(Stored data)
(* Let $P$ be a rooted forest on $[n]$ with natural labeling, and for $1\le i\le n$ define $\hat\partial_i$ on $\mathcal{L}(P)$ by $\pi\hat\partial_i=\pi\partial_{\pi^{-1}_i}$. Then for $\pi\in\mathcal{L}(P)$, $\pi\hat\partial_i$ is the linear extension obtained from $\pi$ by moving the letter $i$ to position $n$ and reordering the letters $j\succeq i$ (which form a chain) among the positions they then occupy so that the result is a linear extension of $P$.
   Context: A rooted forest is a disjoint union of rooted trees, a rooted tree being a connected finite poset in which each element is covered by at most one element. $\mathcal{L}(P)=\{\pi\in S_n : i\prec j \Rightarrow \pi^{-1}_i<\pi^{-1}_j\}$ in one-line notation $\pi=\pi_1\cdots\pi_n$. $\pi\tau_i$ ($1\le i<n$) swaps $\pi_i,\pi_{i+1}$ if they are incomparable and is $\pi$ otherwise; operators act on the right; $\partial_j=\tau_j\tau_{j+1}\cdots\tau_{n-1}$. *)

(* Permutations of [n] = {1,...,n} in one-line notation are
   sequences of nats (positions 1..n correspond to list indices 0..n-1). *)
From mathcomp Require Import all_boot.
Set Implicit Arguments. Unset Strict Implicit. Unset Printing Implicit Defensive.

Definition inN (n x : nat) : bool := (1 <= x <= n).

Definition is_poset (n : nat) (le : rel nat) : Prop :=
  [/\ forall x, inN n x -> le x x,
      forall x y, inN n x -> inN n y -> le x y -> le y x -> x = y &
      forall x y z, inN n x -> inN n y -> inN n z -> le x y -> le y z -> le x z].

Definition ltP (le : rel nat) (x y : nat) : bool := (x != y) && le x y.

Definition covers (n : nat) (le : rel nat) (x y : nat) : bool :=
  ltP le x y && ~~ has (fun z => ltP le x z && ltP le z y) (iota 1 n).

(* rooted forest: a finite poset in which every element is covered by at
   most one element (its connected components are then rooted trees) *)
Definition rooted_forest (n : nat) (le : rel nat) : Prop :=
  is_poset n le /\
  forall x y1 y2, inN n x -> inN n y1 -> inN n y2 ->
    covers n le x y1 -> covers n le x y2 -> y1 = y2.

Definition natural_labeling (n : nat) (le : rel nat) : Prop :=
  forall i j, inN n i -> inN n j -> ltP le i j -> i < j.

Definition is_perm (n : nat) (pi : seq nat) : Prop := perm_eq pi (iota 1 n).

Definition linext (n : nat) (le : rel nat) (pi : seq nat) : Prop :=
  is_perm n pi /\
  forall i j, inN n i -> inN n j -> ltP le i j -> index i pi < index j pi.

Definition incomparable (le : rel nat) (a b : nat) : bool :=
  ~~ le a b && ~~ le b a.

(* swap the entries at (0-based) list indices k and k+1 *)
Definition swap_at (s : seq nat) (k : nat) : seq nat :=
  [seq nth 0 s (if j == k then k.+1 else if j == k.+1 then k else j)
  | j <- iota 0 (size s)].

(* pi tau_i (1 <= i < n): swap pi_i, pi_{i+1} if incomparable *)
Definition tau (le : rel nat) (pi : seq nat) (i : nat) : seq nat :=
  if incomparable le (nth 0 pi i.-1) (nth 0 pi i) then swap_at pi i.-1 else pi.

(* pi partial_j = pi tau_j tau_{j+1} ... tau_{n-1} (operators act on the right) *)
Definition partial (n : nat) (le : rel nat) (pi : seq nat) (j : nat) : seq nat :=
  foldl (tau le) pi (iota j (n - j)).

(* pi hatpartial_i = pi partial_{pi^{-1}_i}, with pi^{-1}_i the 1-based position of i *)
Definition hat_partial (n : nat) (le : rel nat) (pi : seq nat) (i : nat) : seq nat :=
  partial n le pi (index i pi).+1.

(* The up-set of x is a chain: for x < j1, j2, the minimal elements above x below j1 and below j2
   both cover x, so they coincide in a forest; recursing on this common cover, which has a larger
   label, ends with j1 and j2 comparable.
   With p the position of i, pi partial_p walks i to the right: the walking letter a >= i meets
   the next letter b; if they are incomparable tau swaps them, otherwise b is not below a (pi is a
   linear extension), so a < b and b >= i carries on the walk.  The letters passed over are thus
   those of pi with i removed, except that letters >= i get exchanged, and the walk ends with a
   letter >= i in position n. *)
From Pilot Require Import Defs.
From mathcomp Require Import all_boot zify.
Set Implicit Arguments. Unset Strict Implicit. Unset Printing Implicit Defensive.

Lemma nth_rem (x : nat) (s : seq nat) k :
  nth 0 (rem x s) k = if k < index x s then nth 0 s k else nth 0 s k.+1.
Proof.
elim: s k => [|y s IHs] k /=; first by case: k.
by case: eqP => [-> //|_]; case: k.
Qed.

Section MoveToEnd.
Variables (x : nat) (s : seq nat).
Hypothesis x_in : x \in s.

Lemma nth_move_to_end_before k :
  k < index x s -> nth 0 (rcons (rem x s) x) k = nth 0 s k.
Proof.
move=> lt_k; have lt_idx : index x s < size s by rewrite index_mem.
by rewrite nth_rcons (size_rem x_in) nth_rem lt_k ltn_predRL (leq_ltn_trans lt_k).
Qed.

Lemma nth_move_to_end_after k : index x s <= k -> k.+1 < size s ->
  nth 0 (rcons (rem x s) x) k = nth 0 s k.+1.
Proof.
by move=> le_idx lt_k; rewrite nth_rcons (size_rem x_in) nth_rem ltn_predRL lt_k ltnNge le_idx.
Qed.

Lemma nth_move_to_end_last : nth 0 (rcons (rem x s) x) (size s).-1 = x.
Proof. by rewrite nth_rcons (size_rem x_in) ltnn eqxx. Qed.

End MoveToEnd.

Definition swap_idx (k j : nat) : nat :=
  if j == k then k.+1 else if j == k.+1 then k else j.

Lemma swap_idxl k : swap_idx k k = k.+1.
Proof. by rewrite /swap_idx eqxx. Qed.

Lemma swap_idxr k : swap_idx k k.+1 = k.
Proof. by rewrite /swap_idx eqxx ifN_eq // neq_ltn ltnSn orbT. Qed.

Lemma swap_idx_out k j : j != k -> j != k.+1 -> swap_idx k j = j.
Proof. by move=> ne_jk ne_jk1; rewrite /swap_idx !ifN_eq. Qed.

Lemma swap_idxK k : involutive (swap_idx k).
Proof.
move=> j; rewrite /swap_idx.
have [-> | ne_jk] := eqVneq j k; first by rewrite eqxx; case: eqP => //; lia.
have [-> | ne_jk1] := eqVneq j k.+1; first by case: eqP => //; lia.
by rewrite !ifN_eq.
Qed.

Lemma swap_idx_lt k m j : k.+1 < m -> j < m -> swap_idx k j < m.
Proof. by rewrite /swap_idx; repeat case: eqP => ?; lia. Qed.

Lemma swap_idx_mono k u v :
  swap_idx k u < swap_idx k v -> u < v \/ (u = k.+1 /\ v = k).
Proof. by rewrite /swap_idx; repeat case: ifP => [/eqP|/negbT/eqP] ?; lia. Qed.

Lemma swap_atE s k : swap_at s k = map (nth 0 s \o swap_idx k) (iota 0 (size s)).
Proof. by []. Qed.

Lemma nth_swap_at s k j : j < size s -> nth 0 (swap_at s k) j = nth 0 s (swap_idx k j).
Proof. by move=> lt_js; rewrite swap_atE (nth_map 0) ?size_iota // nth_iota. Qed.

Lemma perm_swap_at s k : k.+1 < size s -> perm_eq (swap_at s k) s.
Proof.
move=> lt_ks; rewrite swap_atE map_comp -[X in perm_eq _ X](mkseq_nth 0) /mkseq.
apply: perm_map; apply: uniq_perm.
- by rewrite (map_inj_uniq (inv_inj (swap_idxK k))) iota_uniq.
- exact: iota_uniq.
move=> j; rewrite mem_iota add0n; apply/mapP/idP => [[j'] | lt_js].
  by rewrite mem_iota add0n => lt_j's ->; apply: swap_idx_lt.
by exists (swap_idx k j); rewrite ?swap_idxK // mem_iota add0n swap_idx_lt.
Qed.

Section PositionalLinearExtension.
Variables (n : nat) (le : rel nat).

Lemma is_perm_size s : is_perm n s -> size s = n.
Proof. by move=> perm_s; rewrite (perm_size perm_s) size_iota. Qed.

Lemma is_perm_mem s x : is_perm n s -> (x \in s) = inN n x.
Proof. by move=> perm_s; rewrite (perm_mem perm_s) mem_iota /inN; lia. Qed.

Lemma is_perm_uniq s : is_perm n s -> uniq s.
Proof. by move=> perm_s; rewrite (perm_uniq perm_s) iota_uniq. Qed.

Lemma is_perm_nth s k : is_perm n s -> k < n -> inN n (nth 0 s k).
Proof. by move=> perm_s lt_kn; rewrite -(is_perm_mem _ perm_s) mem_nth ?is_perm_size. Qed.

Lemma linextP s : linext n le s <->
  is_perm n s /\
  forall u v, u < n -> v < n -> Defs.ltP le (nth 0 s u) (nth 0 s v) -> u < v.
Proof.
split=> -[perm_s ext_s]; split=> //.
  move=> u v lt_un lt_vn lt_uv; have size_s := is_perm_size perm_s.
  have := ext_s _ _ (is_perm_nth perm_s lt_un) (is_perm_nth perm_s lt_vn) lt_uv.
  by rewrite !index_uniq ?size_s ?is_perm_uniq.
move=> x y x_in y_in lt_xy.
have [xs ys] : x \in s /\ y \in s by rewrite !(is_perm_mem _ perm_s).
by apply: ext_s; rewrite ?nth_index // -(is_perm_size perm_s) index_mem.
Qed.

Lemma linext_swap_at s k : linext n le s -> k.+1 < n ->
  incomparable le (nth 0 s k) (nth 0 s k.+1) -> linext n le (swap_at s k).
Proof.
move=> /linextP[perm_s ext_s] lt_kn /andP[not_le_kk1 _].
have size_s := is_perm_size perm_s.
apply/linextP; split; first by apply: perm_trans perm_s; apply: perm_swap_at; rewrite size_s.
move=> u v lt_un lt_vn; rewrite !nth_swap_at ?size_s // => lt_uv.
have := ext_s _ _ (swap_idx_lt lt_kn lt_un) (swap_idx_lt lt_kn lt_vn) lt_uv.
case/swap_idx_mono => [// | [eq_u eq_v]]; subst u v; move: lt_uv.
by rewrite swap_idxl swap_idxr /Defs.ltP (negbTE not_le_kk1) andbF.
Qed.

Lemma linext_comparable_next s k : is_poset n le -> linext n le s -> k.+1 < n ->
  ~~ incomparable le (nth 0 s k) (nth 0 s k.+1) -> le (nth 0 s k) (nth 0 s k.+1).
Proof.
move=> [le_refl _ _] /linextP[perm_s ext_s] lt_kn.
rewrite /incomparable negb_and !negbK => /orP[// | le_next].
apply: contraLR isT => not_le; have lt_k_n := ltnW lt_kn.
have ne : nth 0 s k.+1 != nth 0 s k.
  by apply: contraNneq not_le => ->; rewrite le_refl ?is_perm_nth.
by have := ext_s _ _ lt_kn lt_k_n; rewrite /Defs.ltP ne le_next => /(_ isT); lia.
Qed.

End PositionalLinearExtension.

Section UpperSetsAreChains.
Variables (n : nat) (le : rel nat).
Hypothesis natural_le : natural_labeling n le.

Lemma exists_cover x y : is_poset n le -> inN n x -> inN n y -> Defs.ltP le x y ->
  exists c, [/\ inN n c, covers n le x c & le c y].
Proof.
move=> [le_refl _ le_trans] x_in y_in lt_xy.
have ex_between : exists z, [&& inN n z, Defs.ltP le x z & le z y].
  by exists y; rewrite y_in lt_xy le_refl.
have [c /and3P[c_in lt_xc le_cy] c_min] := ex_minnP ex_between.
exists c; split=> //; rewrite /covers lt_xc; apply/hasPn => z.
rewrite mem_iota => z_range; apply/negP => /andP[lt_xz lt_zc].
have z_in : inN n z by rewrite /inN; lia.
have := natural_le z_in c_in lt_zc; rewrite ltnNge c_min //.
by rewrite z_in lt_xz (le_trans _ _ _ z_in c_in y_in) //; case/andP: lt_zc.
Qed.

Lemma upper_set_chain x j1 j2 : rooted_forest n le -> inN n x -> inN n j1 -> inN n j2 ->
  le x j1 -> le x j2 -> le j1 j2 || le j2 j1.
Proof.
move=> [poset_le unique_cover]; have [m] := ubnP (n - x); elim: m x => // m IHm x lt_xm x_in j1_in j2_in le_xj1 le_xj2.
have [<- | ne_xj1] := eqVneq x j1; first by rewrite le_xj2.
have [<- | ne_xj2] := eqVneq x j2; first by rewrite le_xj1 orbT.
have lt_xj1 : Defs.ltP le x j1 by apply/andP.
have lt_xj2 : Defs.ltP le x j2 by apply/andP.
have [c1 [c1_in cov1 le_c1j1]] := exists_cover poset_le x_in j1_in lt_xj1.
have [c2 [c2_in cov2 le_c2j2]] := exists_cover poset_le x_in j2_in lt_xj2.
have eq_c := unique_cover _ _ _ x_in c1_in c2_in cov1 cov2; subst c2.
have lt_xc1 : x < c1 by apply: natural_le => //; case/andP: cov1.
by apply: (IHm c1) => //; move: c1_in; rewrite /inN; lia.
Qed.

End UpperSetsAreChains.

Definition agree_outside_upset (le : rel nat) (i : nat) (s r : seq nat) (k : nat) : bool :=
  if le i (nth 0 s k) then le i (nth 0 r k) else nth 0 r k == nth 0 s k.

Section Walk.
Variables (n : nat) (le : rel nat) (i : nat) (t : seq nat).
Hypotheses (poset_le : is_poset n le) (i_in : inN n i).

(* The letter at position [q] is the walking one; the letters after it are those of [t] shifted by
   one position. *)
Definition walk_inv (q : nat) (sg : seq nat) : Prop :=
  [/\ linext n le sg, q < n, le i (nth 0 sg q),
      forall k, k < q -> agree_outside_upset le i t sg k &
      forall k, q < k < n -> nth 0 sg k = nth 0 t k.-1].

Lemma walk_inv_tau q sg : walk_inv q sg -> q.+1 < n -> walk_inv q.+1 (tau le sg q.+1).
Proof.
case=> ext_sg lt_qn le_i_walker agree_sg tail_sg lt_q1n.
have [perm_sg _] := ext_sg; have size_sg := is_perm_size perm_sg.
have [le_refl _ le_trans] := poset_le.
have next_eq : nth 0 sg q.+1 = nth 0 t q by rewrite tail_sg ?ltnSn.
rewrite /tau /=; case: ifP => [incomp | comp].
  split=> //; first exact: linext_swap_at.
  - by rewrite nth_swap_at ?size_sg // swap_idxr.
  - move=> k lt_kq1; rewrite /agree_outside_upset nth_swap_at ?size_sg; last by lia.
    have [lt_kq | ->] : k < q \/ k = q by lia.
      by rewrite swap_idx_out; [exact: agree_sg | lia | lia].
    by rewrite swap_idxl -next_eq; case: ifP.
  move=> k /andP[lt_q1k lt_kn]; rewrite nth_swap_at ?size_sg //.
  by rewrite swap_idx_out; [apply: tail_sg; lia | lia | lia].
have le_i_next : le i (nth 0 sg q.+1).
  apply: (le_trans _ _ _ i_in (is_perm_nth perm_sg lt_qn) (is_perm_nth perm_sg lt_q1n)) => //.
  by apply: (linext_comparable_next poset_le ext_sg lt_q1n); rewrite comp.
split=> // [k lt_kq1 | k /andP[lt_q1k lt_kn]]; last by apply: tail_sg; lia.
have [lt_kq | ->] : k < q \/ k = q by lia.
  exact: agree_sg.
by rewrite /agree_outside_upset -next_eq le_i_next.
Qed.

Lemma walk_inv_partial q sg : walk_inv q sg -> walk_inv n.-1 (partial n le sg q.+1).
Proof.
rewrite /partial; have [m] := ubnP (n - q.+1).
elim: m q sg => // m IHm q sg lt_m inv_q; have [_ lt_qn _ _ _] := inv_q.
have [eq_q | lt_q1n] : q = n.-1 \/ q.+1 < n by lia.
  by rewrite (_ : n - q.+1 = 0) -?eq_q //; lia.
rewrite (_ : n - q.+1 = (n - q.+2).+1) /=; last by lia.
by apply: IHm; [lia | apply: walk_inv_tau].
Qed.

End Walk.

Theorem lemma6p5 (n : nat) (le : rel nat) :
  rooted_forest n le -> natural_labeling n le ->
  forall (pi : seq nat) (i : nat), linext n le pi -> inN n i ->
  let rho := hat_partial n le pi i in
  let s := rcons (rem i pi) i in
  (forall j1 j2, inN n j1 -> inN n j2 -> le i j1 -> le i j2 ->
      le j1 j2 || le j2 j1) /\
  linext n le rho /\
  (forall k, k < n ->
     if le i (nth 0 s k) then le i (nth 0 rho k) else nth 0 rho k == nth 0 s k).
Proof.
move=> forest_le natural_le pi i ext_pi i_in rho s.
have poset_le := forest_le.1; have [le_refl _ _] := poset_le.
split; first by move=> j1 j2; apply: upper_set_chain.
have [perm_pi _] := ext_pi; have size_pi := is_perm_size perm_pi.
have i_pi : i \in pi by rewrite (is_perm_mem _ perm_pi).
have lt_ip : index i pi < n by rewrite -size_pi index_mem.
have inv0 : walk_inv n le i s (index i pi) pi.
  split=> // [|k lt_k|k /andP[lt_ik lt_kn]]; first by rewrite nth_index // le_refl.
    by rewrite /agree_outside_upset nth_move_to_end_before //; case: ifP.
  by rewrite nth_move_to_end_after ?size_pi ?prednK //; lia.
have [ext_rho _ le_i_last agree_rho _] := walk_inv_partial poset_le i_in inv0.
split=> // k lt_kn; have [lt_k | ->] : k < n.-1 \/ k = n.-1 by lia.
  exact: agree_rho.
by rewrite (_ : nth 0 s n.-1 = i) ?le_refl // -size_pi nth_move_to_end_last.
Qed.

* **Instructions to follow**: All that belongs in your answer is the stretch of entries above from the line with "by rewrite mem_iota" through the line with "Lemma is_perm_uniq s : is_perm n s -> uniq s.", printed exactly.

* **Solved problem**:
  by rewrite mem_iota add0n => lt_j's ->; apply: swap_idx_lt.
by exists (swap_idx k j); rewrite ?swap_idxK // mem_iota add0n swap_idx_lt.
Qed.

Section PositionalLinearExtension.
Variables (n : nat) (le : rel nat).

Lemma is_perm_size s : is_perm n s -> size s = n.
Proof. by move=> perm_s; rewrite (perm_size perm_s) size_iota. Qed.

Lemma is_perm_mem s x : is_perm n s -> (x \in s) = inN n x.
Proof. by move=> perm_s; rewrite (perm_mem perm_s) mem_iota /inN; lia. Qed.

Lemma is_perm_uniq s : is_perm n s -> uniq s.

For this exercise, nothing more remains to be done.